Idea for the "packages on worker": Have a hook that can be defined by instance admins in worker conf and be filled with custom commands that are collected in log files and uploaded to jobs, e.g. rpm -qa. Then investigate can do diff between logs.

Actions

#15

Updated by okurz about 5 years ago

Description updated (diff)
Status changed from Workable to Feedback
Assignee set to okurz

https://github.com/os-autoinst/scripts/pull/23 to cover "See https://github.com/okurz/openqa_review/tree/feature/investigate especially https://github.com/okurz/openqa_review/blob/feature/investigate/openqa_review/investigate.py"

crossed off two other points and deleted "* os-autoinst version in vars.json" as this should either not be necessary considering that the version is in the log file or implicitly covered by "all package changes, e.g. save rpm -qa in file and provide diff and/or changelog" which one can do on the worker just as well as within the SUT.

I have tested the call to rpm -qa on all osd workers:

# salt -l error --no-color -C  'G@roles:worker' --state-output=changes cmd.run "time rpm -qa > /tmp/rpm_qa; ls -lh /tmp/rpm_qa; rm /tmp/rpm_qa"
openqaworker3.suse.de: 0m1.187s, 68K
openqaworker2.suse.de: 0m1.191s, 64K
openqaworker6.suse.de: 0m1.210s, 67K
openqaworker8.suse.de: 0m1.210s, 63K
openqaworker5.suse.de: 0m1.226s, 67K
openqaworker9.suse.de: 0m1.510s, 63K
malbec.arch.suse.de: 0m1.730s, 53K
openqaworker10.suse.de: 0m1.715s, 60K
QA-Power8-5-kvm.qa.suse.de: 0m1.826s, 65K
openqaworker13.suse.de: 0m1.765s, 64K
QA-Power8-4-kvm.qa.suse.de: 0m1.884s, 67K
powerqaworker-qam-1: 0m2.244s, 93K
openqaworker-arm-1.suse.de: 0m4.072s, 63K
openqaworker-arm-2.suse.de: 0m4.076s, 62K
openqaworker-arm-3.suse.de: 0m4.639s, 72K
grenache-1.qa.suse.de: 0m4.859s, 92K

So 1-5s, recording 60-100kB. We could record this in every job but feels not efficient.

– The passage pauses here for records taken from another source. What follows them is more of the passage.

Lemma grid_unbounded (t L M : R) : 1 <= t -> 0 < L -> exists J, M <= grid t L J.
Proof.
  intros Ht HL.
  destruct (nfloor_ex (Rmax 0 M / L)) as [J [_ HJ]];
    [apply Rdiv_le_0_compat; [apply Rmax_l|exact HL]|].
  exists (S J); unfold grid; rewrite S_INR.
  assert (HM : Rmax 0 M < (INR J + 1) * L).
  { apply Rmult_lt_reg_r with (/ L); [apply Rinv_0_lt_compat, HL|].
    rewrite Rmult_assoc, Rinv_r, Rmult_1_r by lra; exact HJ. }
  pose proof (exp_ineq1_le ((INR J + 1) * L)); pose proof (Rmax_l 0 M); pose proof (Rmax_r 0 M).
  nra.
Qed.

Lemma grid_count_nonneg (x t L : R) (J : nat) : 0 <= grid_count x t L J.
Proof. induction J; simpl; [lra|destruct (Rlt_dec _ _); lra]. Qed.

Lemma Rmin_le_grid_count (x t L : R) (J : nat) :
  Rmin x (grid t L J) <= t * exp (L * grid_count x t L J).
Proof.
  induction J as [|J IH]; simpl.
  - unfold grid; simpl; rewrite Rmult_0_l, Rmult_0_r, exp_0, Rmult_1_r; apply Rmin_r.
  - destruct (Rlt_dec (grid t L J) x) as [h|h].
    + rewrite Rmin_right in IH by lra.
      rewrite Rmult_plus_distr_l, Rmult_1_r, exp_plus.
      apply Rle_trans with (grid t L (S J)); [apply Rmin_r|].
      rewrite grid_S; pose proof (exp_pos L); nra.
    + rewrite Rplus_0_r; rewrite Rmin_left in IH by lra.
      apply Rle_trans with x; [apply Rmin_l|exact IH].
Qed.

Parsing zypper log only in case of an error with the diff computed between the date of "last good" and "first bad" feels smarter albeit of course a little bit more complicated :) The philosophy to follow would be to make the happy path (test passes) as efficient as possible and treat failures as exceptions, hence I consider recording rpm -qa in every job regardless of the status as not the right option.

Actions

#16

Updated by okurz about 5 years ago

Description updated (diff)

Actions

#17

Updated by okurz about 5 years ago

Status changed from Feedback to Workable

os-autoinst/os-autoinst#1367 merged, can now continue with https://github.com/os-autoinst/scripts/pull/23

Actions

#18

Updated by okurz about 5 years ago

merged. Next step: Run it somewhere, e.g.

Setup github actions CI job
query for failed jobs
- without any comment on openQA -> openqa-client --json-output --host https://openqa.opensuse.org jobs/$id/comment == []
- e.g. start with job group 1 (Tumbleweed)
- Or based on AMQP event if "bugref" is "null"
- and – over openQA API – "origin_id" is "null" to not retrigger jobs that are already retriggered jobs
for each identified job, run investigate and write output, i.e. link to triggered jobs to comment on job
sleep in loop with amqp rx client, wait for new jobs and repeat

The proof-of-concept script seems still like a good idea but more and more it feels like trying to read all these details from the outside, finding a place to run and also trigger accordingly is more effort than retriggering directly from within openQA. E.g. based on my branch "feature/known_issue_detection" I could have "feature/investigate" with a method "trigger_investigation_jobs"

Actions

#19

Updated by okurz about 5 years ago

Status changed from Workable to Feedback

With https://github.com/os-autoinst/scripts/pull/24 I added a script to look for "investigation candidates" and added a feature to "openqa-investigate" to post automatic comments to openQA with links to triggered investigation jobs. With https://gitlab.suse.de/openqa/auto-review/-/merge_requests/3 I run this daily (for now) so automatic investigation jobs get triggered now for all failed openQA jobs that do not have a label, e.g. new failures: https://openqa.opensuse.org/tests/1218545#comments . Based on the results one should be able to more easily determine if issues are sporadic, test regressions, product regressions. Based on that I await any feedback. We can also continue the work in openQA itself.

Actions

#20

Updated by okurz about 5 years ago

Description updated (diff)

Actions

#21

Updated by livdywan almost 5 years ago

all package changes, e.g. save rpm -qa in file

diff of test schedule

if best needle candidate matches 0% it is most likely not a trivial needle issue

Make "last good" a link to a job instead of plain job ID

collapse content of initial rows in investigation tab when content becomes too big, e.g. more than 10 lines

In settings table mark origin of settings and changed settings, e.g. for setting "foo" instead of the table row "foo | 1" one could have [...]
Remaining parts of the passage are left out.